Scanning materials and procedure

Participants completed three tasks in the scanner: inner speech, ToM and perspective-switching (followed by an anatomical scan). Each task was preceded by a single practice trial. All stimuli were presented using E-Prime 2.0 (Schneider et al., 2002). Participants viewed stimuli by looking upwards at a mirror directed at a monitor (Cambridge Research Systems Ltd. BOLDscreen MR Safe display; 1920 × 1200 resolution, refresh rate 60 Hz) placed behind the scanner bore. Button press responses (all right-handed) were collected using a fiber-optic response button box (Psychology Software Tools).

Inner speech

Participants were presented with a written description of a scenario involving either dialogue or monologue and were asked to generate inner speech in that scenario until they saw a cue to stop. Dialogic scenarios involved conversations and interviews with familiar people (Table 1). Monologic scenarios were matched to dialogic scenarios for their content and setting, but only included a single speaker. Instructions were presented for 10 s, followed by a fixation cross (the cue for inner speech) for 45 s and an intertrial interval of 3–5 s (including a stop signal for 2 s). In total, five dialogic and five monologic scenarios were presented. At the end of the scanning session, participants were asked to rate out of 100 (i) how vividly they imagined the scenarios, (ii) the vividness of any visual imagery they used during the task and (iii) the everyday characteristics of their own inner speech, using the VISQ (McCarthy-Jones and Fernyhough, 2011). The imagery self-ratings were included to check task compliance and to provide a control indicator of how much participants drew on visual (rather than verbal) imagery during the task. The VISQ was included for exploratory analysis of how individual differences in everyday inner speech may have affected task performance and related brain activations. It includes four subscales: dialogic inner speech (items include, e.g. ‘I talk back and forward to myself in my mind about things’), evaluative/motivational inner speech (e.g. ‘I think in inner speech about what I have done, and whether it was right or not’), other people in inner speech (e.g. ‘I experience the voices of other people asking me questions in my head’) and condensed inner speech (e.g. ‘I think to myself in words using brief phrases and single words rather than full sentences’). The VISQ has been shown to have good internal and test–retest reliability (McCarthy-Jones and Fernyhough, 2011; Alderson-Day et al., 2014).

Table 1.

Dialogic and monologic scenarios in the inner-speech task

Scenario Dialogic Monologic
A visit to your old school Conversation with a teacher Making a speech to students
A job interview Talking to the interviewer Doing a presentation
Calling a relative Conversation with relative Leaving a voicemail
Being in a documentary Doing an interview Speaking to camera
Meeting the Prime Minister Interviewing the PM Suggesting a new law

Theory-of-mind

Using a cartoon-based ToM task from Walter et al. (2004), participants viewed a sequence of three cartoons depicting a simple story (‘Story’ phase) and were then prompted to choose the logical end of the story from three options (‘Choice’ phase). Stories either required deciphering of actors’ intentions (e.g. pointing to see if a seat was free) or reasoning about physical causality (e.g. a football breaking some bottles). To examine ToM skills relevant to inner speech, the ‘communicative intention’ condition from Walter et al. (2004) was used, as compared with the physical reasoning control condition. ‘Story’ phase images were presented sequentially for 3 s each, followed by the ‘Choice’ phase for 7 s and a jittered intertrial interval of 7–11 s. A total of 10 ToM stories and 10 physical reasoning stories were presented in a random order. Participants indicated which image completed the story (A, B or C) using a button box, and their percentage accuracy was recorded.

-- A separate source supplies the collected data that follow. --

Lemma seq_image_lift (X Y : eqType) (f : X -> Y) (S : set X) (F : seq Y) :
  (forall y, y \in F -> (f @` S) y) ->
  exists2 G : seq X, F = map f G & forall x, x \in G -> S x.
Proof.
elim: F => [|y F IHF] FS; first by exists [::].
have [G -> GS] := IHF (fun z zF => FS z (mem_behead (s := y :: F) zF)).
have [x Sx <-] := FS y (mem_head y F).
by exists (x :: G) => // z; rewrite in_cons => /predU1P [->|/GS].
Qed.

Lemma exists_pos_le2 (K : numDomainType) (x y : K) :
  0 < x -> 0 < y -> exists z, [/\ 0 < z, z <= x & z <= y].
Proof.
move=> x_gt0 y_gt0.
by case/orP: (real_leVge (gtr0_real x_gt0) (gtr0_real y_gt0)) => le;
  [exists x | exists y].
Qed.

Lemma exists_small_multiplier (K : numFieldType) (X : eqType) (f : X -> K)
    (e : K) (F : seq X) :
  (forall x, 0 <= f x) -> 0 < e ->
  exists eta, [/\ 0 < eta, eta <= 1 & forall x, x \in F -> f x * eta < e].
Proof.
move=> f_ge0 e_gt0; elim: F => [|x F [eta [eta_gt0 eta_le1 small]]].
  by exists 1; rewrite ltr01.
have fx1_gt0 : 0 < f x + 1 by rewrite ltr_wpDl.
have [eta' [eta'_gt0 le_eta le_e]] :=
  exists_pos_le2 eta_gt0 (divr_gt0 e_gt0 fx1_gt0).
exists eta'; split => //; first exact: le_trans eta_le1.
move=> y; rewrite in_cons => /predU1P [->|yF].
  apply: le_lt_trans (ler_wpM2l (f_ge0 x) le_e) _.
  by rewrite mulrCA gtr_pMr // ltr_pdivrMr // mul1r ltrDl.
exact: le_lt_trans (ler_wpM2l (f_ge0 y) le_eta) (small y yF).
Qed.

Section NormedClosure.
Variables (K : numFieldType) (V : normedModType K).

Lemma closure_normP (S : set V) (v : V) :
  closure S v <-> forall eps, 0 < eps -> exists2 w, S w & `|v - w| < eps.
Proof.
split=> [clSv eps eps_gt0 | near_v U /nbhs_ballP [r r_gt0 rU]].
  have [w [Sw vw]] := clSv _ (nbhsx_ballx v eps eps_gt0).
  by exists w => //; move: vw; rewrite -ball_normE.
have [w Sw vw] := near_v r r_gt0.
by exists w; split; last by apply: rU; rewrite -ball_normE.
Qed.

Lemma closure_subr_closed (S : set V) :
  (forall v w, S v -> S w -> S (v - w)) ->
  forall v w, closure S v -> closure S w -> closure S (v - w).
Proof.
move=> subS v w /closure_normP clv /closure_normP clw.
apply/closure_normP => eps eps_gt0.
have eps2_gt0 : 0 < eps / 2 by rewrite divr_gt0.
have [v' Sv' vv'] := clv _ eps2_gt0; have [w' Sw' ww'] := clw _ eps2_gt0.
exists (v' - w'); first exact: subS.
have -> : v - w - (v' - w') = (v - v') - (w - w').
  by rewrite !opprB addrACA [RHS]addrACA [- v' + _]addrC.
by rewrite (splitr eps); apply: le_lt_trans (ler_normB _ _) (ltrD vv' ww').
Qed.

Lemma dense_range_outside_closure (X : Type) (f : X -> V) (S : set X) :
  (forall w eps, 0 < eps -> exists x, `|w - f x| < eps) ->
  forall v, ~ closure (f @` S) v ->
  forall r, 0 < r -> exists2 w, (f @` ~` S) w & `|v - w| < r.
Proof.
move=> f_dense v /closure_normP; rewrite -existsNP.
move=> -[r0 /not_implyP [r0_gt0 far_v]] r r_gt0.
have [s [s_gt0 s_le_r0 s_le_r]] := exists_pos_le2 r0_gt0 r_gt0.
have [x vx] := f_dense v s s_gt0.
exists (f x); last exact: lt_le_trans vx s_le_r.
exists x => // Sx; apply: far_v.
by exists (f x); [exists x | exact: lt_le_trans vx s_le_r0].
Qed.

End NormedClosure.

Definition approx_units_on (K : numDomainType) (X : zmodType)
    (mul : X -> X -> X) (nu : X -> K) (S : set X) (M : K) : Prop :=
  forall F : seq X, (forall a, a \in F -> S a) -> forall eps, 0 < eps ->
  exists u, nu u <= M /\
    forall a, a \in F -> nu (mul a u - a) < eps /\ nu (mul u a - a) < eps.

Lemma approx_units_onW (K : numDomainType) (X : zmodType) (mul : X -> X -> X)
    (nu nu' : X -> K) (S S' : set X) (M : K) :
  S' `<=` S -> (forall x, nu x <= nu' x) ->
  approx_units_on mul nu' S M -> approx_units_on mul nu S' M.
Proof.
move=> sub_S le_nu approx F FS' eps eps_gt0.
have [u [u_le approx_u]] :=
  approx F (fun a aF => sub_S a (FS' a aF)) eps eps_gt0.
exists u; split=> [|a aF]; first exact: le_trans u_le.
by have [l r] := approx_u a aF; split; apply: le_lt_trans (le_nu _) _.
Qed.

Lemma has_lbai_modP (K : numFieldType) (A : lmodType K) (mul : A -> A -> A)
    (p : nat -> A -> K) (I : set A) :
  has_lbai_mod mul p I <->
  exists C : nat -> K, (forall n, 0 < C n) /\
    forall n, approx_units_on mul (p n) (~` I) (C n).
Proof.
by split=> -[C [C_gt0 approx]]; exists C; split=> // n F FI; apply: approx.
Qed.

Section AlgebraMul.
Variables (K : numFieldType) (X : lmodType K) (mul : X -> X -> X).
Hypothesis mul_alg : is_algebra_mul mul.

Lemma alg_mulrBr (x y z : X) : mul x (y - z) = mul x y - mul x z.
Proof.
by case: mul_alg => _ mulDr _ mulZr _; rewrite mulDr -scaleN1r mulZr scaleN1r.
Qed.

Lemma alg_mulrBl (x y z : X) : mul (y - z) x = mul y x - mul z x.
Proof.
by case: mul_alg => mulDl _ mulZl _ _; rewrite mulDl -scaleN1r mulZl scaleN1r.
Qed.

Lemma alg_defectBl (x y u : X) :
  mul u (x - y) - (x - y) = (mul u x - x) - (mul u y - y).
Proof. by rewrite alg_mulrBr !opprB addrACA [RHS]addrACA [- x + _]addrC. Qed.

Lemma alg_defectBr (x y u : X) :
  mul (x - y) u - (x - y) = (mul x u - x) - (mul y u - y).
Proof. by rewrite alg_mulrBl !opprB addrACA [RHS]addrACA [- x + _]addrC. Qed.

End AlgebraMul.

Definition refines (X : eqType) (K : numDomainType)
    (d1 d2 : seq X * {e : K | 0 < e}) : Prop :=
  {subset d1.1 <= d2.1} /\ sval d2.2 <= sval d1.2.

Lemma refines_directed (X : eqType) (K : numDomainType) :
  directed_set (@refines X K).
Proof.
split=> [|d|d1 d2 d3 [s12 e12] [s23 e23]|[F1 [e1 e1_gt0]] [F2 [e2 e2_gt0]]].
- by constructor; exact: ([::], exist _ 1 ltr01).
- by split.
- by split=> [x /s12 /s23|]; last exact: le_trans e23 e12.
- have [e [e_gt0 le_e1 le_e2]] := exists_pos_le2 e1_gt0 e2_gt0.
  by exists (F1 ++ F2, exist _ e e_gt0); split; split=> // x xF;
    rewrite mem_cat xF ?orbT.
Qed.

Section BanachAlgebra.
Variables (K : numFieldType) (B : completeNormedModType K) (mulB : B -> B -> B).
Hypothesis mulB_alg : is_algebra_mul mulB.
Hypothesis mulB_submult : forall x y, `|mulB x y| <= `|x| * `|y|.

Lemma norm_mulrBr_le (x y z : B) : `|mulB x y - mulB x z| <= `|x| * `|y - z|.
Proof. by rewrite -(alg_mulrBr mulB_alg); exact: mulB_submult. Qed.

Lemma norm_mulrBl_le (x y z : B) : `|mulB y x - mulB z x| <= `|y - z| * `|x|.
Proof. by rewrite -(alg_mulrBl mulB_alg); exact: mulB_submult. Qed.

Lemma norm_defect_elt_perturbl (u b t : B) :
  `|mulB u b - b| <= `|u| * `|b - t| + `|mulB u t - t| + `|b - t|.
Proof.
have -> : mulB u b - b = (mulB u b - mulB u t) + (mulB u t - t) + (t - b).
  by rewrite !addrA !subrK.
rewrite [X in _ <= _ + X]distrC.
do 2![apply: le_trans (ler_normD _ _) _; rewrite lerD2r].
exact: norm_mulrBr_le.
Qed.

Visual perspective switching

The timing and structure of the perspective-switching task was designed to match the inner-speech task. Participants first viewed an instruction page (10 s) describing a visual scene or object and asking them to imagine it from a particular perspective, e.g. ‘Imagine a train viewed from the outside. Try to picture what it looks like in your mind.’ Underneath, this was followed by an instruction to either switch perspective when prompted by a cue (the ‘Switch’ condition) or to maintain the image from single perspective until prompted to stop (the ‘Stick’ condition). In the Switch condition, the instruction page was followed by a 45 s imagery phase, in which every 7 s a cue appeared (either ‘OUTSIDE’ or ‘INSIDE’, 2 s presentation). In the Stick condition, cues appeared with the same regularity but only from one perspective (i.e. only ‘INSIDE’). After scanning, participants rated how vividly they had imagined each scene/object, and how easy they found switching between different viewpoints (rated out of 100).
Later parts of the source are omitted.